Wu Zongming retired from his post as director of complaints for Guiping, a city in the Guangxi Zhuang autonomous region, in 2002.

But he returned to his former office last year - as a petitioner.

He complained his home had been the subject of a forced demolition as part of a government canal project but he had only received 250,000 yuan ($37,000) in compensation - 130,000 yuan less than the value of his house.

The only favor he got from his old colleagues was a cup of tea, he told Qilu Evening News on Dec 11.

Girl raped in hotel

Li Ruirui, 21, arrived in Beijing last year to petition against authorities in her home province of Anhui.

On Aug 3, she and 70 other petitioners were led to a small suburban hotel by someone claiming to be an official who promised them "free shelter, food and a solution to their problems".

Once there, Xu Jian, a man employed to monitor the petitioners, raped Li. He surrendered to police a week later and was sentenced to eight years in prison last month.

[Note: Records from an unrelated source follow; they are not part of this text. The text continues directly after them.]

Lemma complexS_laws (R : realType) : scalar_laws (complexS R).
Proof.
split => /=.
- by move=> [a b] [c d].
- by move=> t [a b] /=; rewrite mul0r subr0.
- by move=> [a b] [c d] /=; rewrite /conjc /= opprD.
- by move=> [a b] [c d]; rewrite /conjc /=; congr Complex; ring.
- by move=> [a b]; rewrite /conjc opprK.
- by move=> [a b] [c d] /=; ring.
- by move=> [a b] /=; nra.
- by move=> [a b] /= h; congr Complex; nra.
- by move=> t; apply/eqP; rewrite eq_complex /= oppr0 addr0 !eqxx.
Qed.

Section RealInnerProduct.
Variables (R : realType) (S : scalars R).
Hypothesis HS : scalar_laws S.
Local Notation emb := (@sc_emb R S).
Local Notation re := (@sc_re R S).
Local Notation cj := (@sc_cj R S).

Definition rdot n (x y : 'cV[S]_n) : R := re (inner x y).

Lemma sc_re0 : re 0 = 0.
Proof. by apply: (addrI (re 0)); rewrite -(sc_reD HS) !addr0. Qed.

Lemma sc_cj0 : cj 0 = 0.
Proof. by apply: (addrI (cj 0)); rewrite -(sc_cjD HS) !addr0. Qed.

Lemma sc_re_sum n (u : 'I_n -> S) : re (\sum_i u i) = \sum_i re (u i).
Proof. exact: (big_morph _ (sc_reD HS) sc_re0). Qed.

Lemma sc_cj_sum n (u : 'I_n -> S) : cj (\sum_i u i) = \sum_i cj (u i).
Proof. exact: (big_morph _ (sc_cjD HS) sc_cj0). Qed.

Lemma rdotC n (x y : 'cV[S]_n) : rdot x y = rdot y x.
Proof. by rewrite /rdot /inner !sc_re_sum; apply: eq_bigr => i _; apply: sc_re_mulcjC. Qed.

Lemma rdotDl n (x y z : 'cV[S]_n) : rdot (x + y) z = rdot x z + rdot y z.
Proof.
rewrite /rdot /inner -(sc_reD HS) -big_split /=.
by congr re; apply: eq_bigr => i _; rewrite !mxE mulrDl.
Qed.

Lemma rdotDr n (x y z : 'cV[S]_n) : rdot x (y + z) = rdot x y + rdot x z.
Proof. by rewrite !(rdotC x) rdotDl. Qed.

Lemma rdotZl n t (x y : 'cV[S]_n) : rdot (emb t *: x) y = t * rdot x y.
Proof.
rewrite /rdot /inner !sc_re_sum mulr_sumr; apply: eq_bigr => i _.
by rewrite !mxE -mulrA (sc_reZ HS).
Qed.

Lemma rdotZr n t (x y : 'cV[S]_n) : rdot x (emb t *: y) = t * rdot x y.
Proof. by rewrite !(rdotC x) rdotZl. Qed.

Lemma rdot0l n (y : 'cV[S]_n) : rdot 0 y = 0.
Proof. by apply: (addrI (rdot 0 y)); rewrite -rdotDl !addr0. Qed.

Lemma rdotNl n (x y : 'cV[S]_n) : rdot (- x) y = - rdot x y.
Proof. by apply: (addrI (rdot x y)); rewrite -rdotDl !addrN rdot0l. Qed.

Lemma rdotNr n (x y : 'cV[S]_n) : rdot x (- y) = - rdot x y.
Proof. by rewrite !(rdotC x) rdotNl. Qed.

Lemma rdot_adjmx m n (A : 'M[S]_(m, n)) x w : rdot (A *m x) w = rdot x (adjmx A *m w).
Proof.
rewrite /rdot /inner; congr re.
under eq_bigr => i _ do rewrite !mxE mulr_suml.
rewrite exchange_big /=; apply: eq_bigr => j _.
rewrite !mxE sc_cj_sum mulr_sumr; apply: eq_bigr => i _.
by rewrite !mxE (sc_cjM HS) (sc_cjK HS) mulrCA mulrA.
Qed.

Lemma nrm2_rdot n (x : 'cV[S]_n) : nrm2 x = rdot x x.
Proof. by []. Qed.

Lemma nrm2_ge0 n (x : 'cV[S]_n) : 0 <= nrm2 x.
Proof.
by rewrite /nrm2 /inner sc_re_sum; apply: sumr_ge0 => i _; apply: sc_re_mulcj_ge0.
Qed.

Lemma nrm2_eq0 n (x : 'cV[S]_n) : nrm2 x = 0 -> x = 0.
Proof.
rewrite /nrm2 /inner sc_re_sum => /eqP.
rewrite psumr_eq0 => [/allP x0|i _]; last exact: sc_re_mulcj_ge0.
apply/matrixP => i j; rewrite (ord1 j) mxE; apply: (sc_re_mulcj_eq0 HS).
by apply/eqP/x0; rewrite mem_index_enum.
Qed.

Lemma nrm2D n (x y : 'cV[S]_n) : nrm2 (x + y) = nrm2 x + nrm2 y + 2 * rdot x y.
Proof. by rewrite !nrm2_rdot !rdotDl !rdotDr (rdotC y x); ring. Qed.

Lemma nrm2B n (x y : 'cV[S]_n) : nrm2 (x - y) = nrm2 x + nrm2 y - 2 * rdot x y.
Proof. by rewrite !nrm2_rdot !rdotDl !rdotDr !rdotNl !rdotNr (rdotC y x); ring. Qed.

Lemma nrm2Z n t (x : 'cV[S]_n) : nrm2 (emb t *: x) = t ^+ 2 * nrm2 x.
Proof. by rewrite !nrm2_rdot rdotZl rdotZr mulrA expr2. Qed.
(* Passing from [K] to [K'], robots in [A] may get one step farther from
   their gate and robots in [B] get one step closer. *)
Let A := [set r in S | gate K r != a].
Let B := [set r in S | (gate K r == a) && (gate K' r != a)].

Lemma gate_cost_shift : gate_cost S K' + #|B| <= gate_cost S K + #|A|.
Proof.
rewrite /A /B -!sum_indicator /gate_cost -!big_split /=; apply: leq_sum => r _.
have [_ Hmin'] := gateP r HaK'.
case: (eqVneq (gate K r) a) => [Er|Ner] /=.
  case: (eqVneq (gate K' r) a) => [Er'|Ner'] /=; first by rewrite Er Er'.
  by rewrite Er (@gate_dist_succ K' r a) 1?eq_sym // addn1 addn0.
by rewrite addn0 addn1 -(@gate_dist_succ K r a) 1?eq_sym // Hmin'.
Qed.

Variables (x1 y1 r0 : T).
Hypotheses (Hx1 : x1 \in S) (Hy1 : y1 \in S) (Hxy1 : x1 != y1) (Hx1a : x1 != a).
Hypotheses (Hgx1 : gate K x1 = a) (Hgy1 : gate K y1 = a) (Hgx1' : gate K' x1 != a).
Hypotheses (Hr0 : r0 \in S) (Hr0a : a \in S -> r0 = a).
Hypothesis Hcon :
  {in S &, forall u v, u != r0 -> v != r0 -> u != a -> v != a -> ~~ separates a u v}.

Lemma gate_shift_gain : 2 < #|S| -> #|A| < #|B|.
Proof.
move=> HS; have Hx1B : x1 \in B by rewrite inE Hx1 Hgx1 eqxx.
have notin_a u : u \in S -> u != r0 -> u != a.
  by move=> Hu Hur0; apply: contraNneq Hur0 => Eua; rewrite Hr0a -Eua ?eqxx.
case: (eqVneq x1 r0) => [Ex1|Nx1].
  have HaS : a \notin S by apply: contraNN Hx1a => /Hr0a <-; rewrite Ex1 eqxx.
  suff -> : A = set0 by rewrite cards0 card_gt0; apply/set0Pn; exists x1.
  apply/setP => u; rewrite !inE; apply/negP => /andP[Hu Hua].
  have Hur0 : u != r0 by apply: contraNneq Hua => ->; rewrite -Ex1 Hgx1.
  have Hy1r0 : y1 != r0 by rewrite -Ex1 eq_sym.
  have := Hcon Hy1 Hu Hy1r0 Hur0 (notin_a y1 Hy1 Hy1r0) (notin_a u Hu Hur0).
  by rewrite (gate_separates HK HaK Hua Hgy1 (notin_a y1 Hy1 Hy1r0)).
have HB u : u \in S -> u != r0 -> u \in B.
  move=> Hu Hur0; have Hc := Hcon Hx1 Hu Nx1 Hur0 Hx1a (notin_a u Hu Hur0).
  rewrite inE Hu /=; case: (eqVneq (gate K u) a) => [Eu|Nu] /=.
    apply/eqP => Eu'; move: Hc; rewrite separatesC.
    by rewrite (gate_separates HK' HaK' Hgx1' Eu' (notin_a u Hu Hur0)).
  by move: Hc; rewrite (gate_separates HK HaK Nu Hgx1 Hx1a).
have LA : #|A| <= 1.
  rewrite -(cards1 r0); apply/subset_leq_card/subsetP => u.
  rewrite !inE => /andP[Hu Hua]; apply/negPn/negP => Hur0.
  by move: (HB u Hu Hur0); rewrite inE Hu (negbTE Hua).
have LB : #|S :\ r0| <= #|B|.
  by apply/subset_leq_card/subsetP => u /setD1P[Hur0 Hu]; apply: HB.
move: HS; rewrite (cardsD1 r0 S) Hr0 add1n ltnS => HS.
exact: leq_ltn_trans LA (leq_trans HS LB).
Qed.

End GateShift.

Lemma exists_cut_robot (S : {set T}) a : gp_set e S -> (a \notin S -> ~~ blocked S a) ->
  exists r0, [/\ r0 \in S, a \in S -> r0 = a &
    {in S &, forall u v, u != r0 -> v != r0 -> u != a -> v != a -> ~~ separates a u v}].
Proof.
move=> Sgp Hnb; case: (boolP (a \in S)) => HaS.
  exists a; split=> // u v Hu Hv _ _ Hua Hva; apply/negP => Hsep.
  have Huv : u != v by apply: contraNneq Hsep => ->; apply: connect0.
  apply: (Sgp u a v Hu HaS Hv Hua _ Huv); first by rewrite eq_sym.
  exact: separates_common_shortest_path.
have /forall_inPn[r0 Hr0 /exists_inPn Hn] := Hnb HaS.
exists r0; split=> // u v Hu Hv Hur Hvr _ _.
by have /exists_inPn/(_ v Hv) := Hn u Hu; rewrite Hur Hvr.
Qed.

Lemma shared_gate (S K : {set T}) k : k \in K -> #|K| < #|S| ->
  exists x y, [/\ x \in S, y \in S, x != y & gate K x = gate K y].
Proof.
move=> Hk HKS.
have /dinjectivePn[x Hx [y /andP[Hyx Hy] Hg]] : ~~ dinjectiveb (gate K) S.
  apply: contraTN HKS => /dinjectiveP/card_in_imset <-; rewrite -leqNgt.
  by apply/subset_leq_card/subsetP => _ /imsetP[u _ ->]; case: (gateP u Hk).
by exists x, y; rewrite eq_sym.
Qed.

Lemma exists_maxclique_gate_neq a x : a != x ->
  exists K, [/\ maxclique K, a \in K & gate K x != a].
Proof.
move=> Hax; have [a' [Haa' Da']] := exists_closer_neighbor Hax.
have [K HK /subsetP sK] := maxset_exists (is_clique2 Haa').
have HaK : a \in K by apply: sK; rewrite !inE eqxx.
have Ha'K : a' \in K by apply: sK; rewrite !inE eqxx orbT.
exists K; split=> //; apply/eqP => Ega.
have [_ Hmin] := gateP x HaK; have := Hmin a' Ha'K.
by rewrite Ega (distC x a) (distC x a') Da' ltnn.
Qed.

Lemma maxclique_neq0 (K : {set T}) (x : T) : maxclique K -> K != set0.
Proof.
move=> HK; apply/negP => /eqP K0.
have := maxsetsup HK (is_clique1 x); rewrite K0 sub0set => /(_ isT)/setP/(_ x).
by rewrite !inE eqxx.
Qed.

Lemma clique_le_clique_number (K : {set T}) : is_clique e K -> #|K| <= clique_number e.
Proof. exact: leq_bigmax_cond. Qed.

Lemma unblocked_card_le_clique_number (S : {set T}) : gp_set e S -> 2 < #|S| ->
  (forall m, m \notin S -> ~~ blocked S m) -> #|S| <= clique_number e.
Proof.
move=> Sgp HS Hnb.
have /set0Pn[x0 _] : S != set0 by rewrite -card_gt0 (leq_trans _ HS).
have [K0 HK0 _] := maxset_exists (is_clique1 x0).
have [K HK Hmin] := arg_minnP (gate_cost S) HK0.
have /set0Pn[k Hk] := maxclique_neq0 x0 HK.
apply: leq_trans (clique_le_clique_number (maxsetp HK)); rewrite leqNgt; apply/negP => HKS.
have [x [y [Hx Hy Hxy Hg]]] := shared_gate Hk HKS.
have [Ha _] := gateP x Hk; set a := gate K x in Hg Ha.
have [x1 [y1 [Hx1 Hy1 Hxy1 [Hgx1 Hgy1 Hx1a]]]] : exists x1 y1,
    [/\ x1 \in S, y1 \in S, x1 != y1 & [/\ gate K x1 = a, gate K y1 = a & x1 != a]].
  case: (eqVneq x a) => [Exa|Nxa]; last by exists x, y.
  exists y, x; split=> //; first by rewrite eq_sym.
  by split=> //; rewrite -Exa eq_sym.
have Hax1 : a != x1 by rewrite eq_sym.
have [K' [HK' HaK' Hgx1']] := exists_maxclique_gate_neq Hax1.
have [r0 [Hr0 Hr0a Hcon]] := exists_cut_robot Sgp (Hnb a).
have Hgain := gate_shift_gain HK HK' Ha HaK' Hx1 Hy1 Hxy1 Hx1a Hgx1 Hgy1 Hgx1' Hr0 Hr0a Hcon HS.
have := leq_trans (leq_add (Hmin K' HK') Hgain) (gate_cost_shift S HK HK' Ha HaK').
by rewrite addnS ltnn.
Qed.

Lemma small_card_le_clique_number (S : {set T}) : #|S| <= 2 -> #|S| <= clique_number e.
Proof.
move=> HS; case: (set_0Vmem S) => [->|[x Hx]]; first by rewrite cards0.
case: (leqP #|S| 1) => [HS1|HS1].
  by apply: leq_trans HS1 _; rewrite -(cards1 x) clique_le_clique_number // is_clique1.
have /set0Pn[y /setD1P[Hyx _]] : S :\ x != set0.
  by rewrite -card_gt0; move: HS1; rewrite (cardsD1 x S) Hx add1n ltnS.
have /connectP[[|z p] /= Hp Hl] := conn_e x y; first by rewrite Hl eqxx in Hyx.
have /andP[Hxz _] := Hp; apply: leq_trans HS _.
by have := clique_le_clique_number (is_clique2 Hxz); rewrite cards2 edge_neq.
Qed.

Lemma mobile_card_le_clique_number (S : {set T}) :
  mobile_gp_set e S -> #|S| <= clique_number e.
Proof.
case=> Sgp [l [Hl Hcov]].
case: (leqP #|S| 2) => [|HS]; first exact: small_card_le_clique_number.
apply: unblocked_card_le_clique_number Sgp HS _ => m HmS; apply/negP => Hb.
have [C HC HmC] := Hcov m.
by move: (legal_seq_blocked HmS Hb Hl HC); rewrite HmC.
Qed.

Lemma clique_number_le_mob : clique_number e <= mob e.
Proof.
have Hc0 : is_clique e set0 by apply/is_cliqueP => x y; rewrite inE.
have [K HK Hmax] := arg_maxnP (fun K : {set T} => #|K|) Hc0.
apply: (@leq_trans #|K|); first by apply/bigmax_leqP => K' /Hmax.
have [->|HK0] := eqVneq K set0; first by rewrite cards0.
have HKm : maxclique K.
  apply/maxsetP; split=> // B HB sKB; apply/eqP; rewrite eq_sym eqEcard sKB.
  exact: Hmax.
by apply: leq_bigmax_cond; apply/boolp.asboolP; apply: maxclique_mobile.
Qed.

End BlockGraph.
End Graph.

Theorem theorem2p2 (T : finType) (e : rel T) :
  block_graph e -> mob e = clique_number e.
Proof.
case=> [[sym_e irr_e] [conn_e hblock]].
apply/eqP; rewrite eqn_leq clique_number_le_mob // andbT.
apply/bigmax_leqP => S /boolp.asboolP.
exact: mobile_card_le_clique_number.
Qed.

The hotel rooms were 150 sq m and the mobile phone signal was disabled, Southern Weekend reported on Aug 12.

Kidnap 'last resort'

Deng Xinjian, a man in his 50s from Hunan province, kidnapped a 5-year-old boy on Aug 12, 2006.

When police arrested him a week later, he claimed he had taken the boy to draw attention to his petition - he wanted his son released from prison on health grounds - and to punish the authorities.

Deng said his son's eyesight was failing and had petitioned officials in Beijing for his release more than 60 times without success.

After spending all his money, he said kidnapping was his last resort.

Ex-con cleared

Chen Zhenfu, 80, was convicted of rape in 1971 but on Oct 30, 2008, was finally cleared of the crime.

He has protested his innocence for the last 37 years and in 1973 walked for more than 70 days from his home in Sichuan province to Beijing to petition officials.

"I wanted to find Chairman Mao Zedong to prove my innocence," he told Chongqing Evening News.

Officials eventually review his case and found he had been wrongly convicted.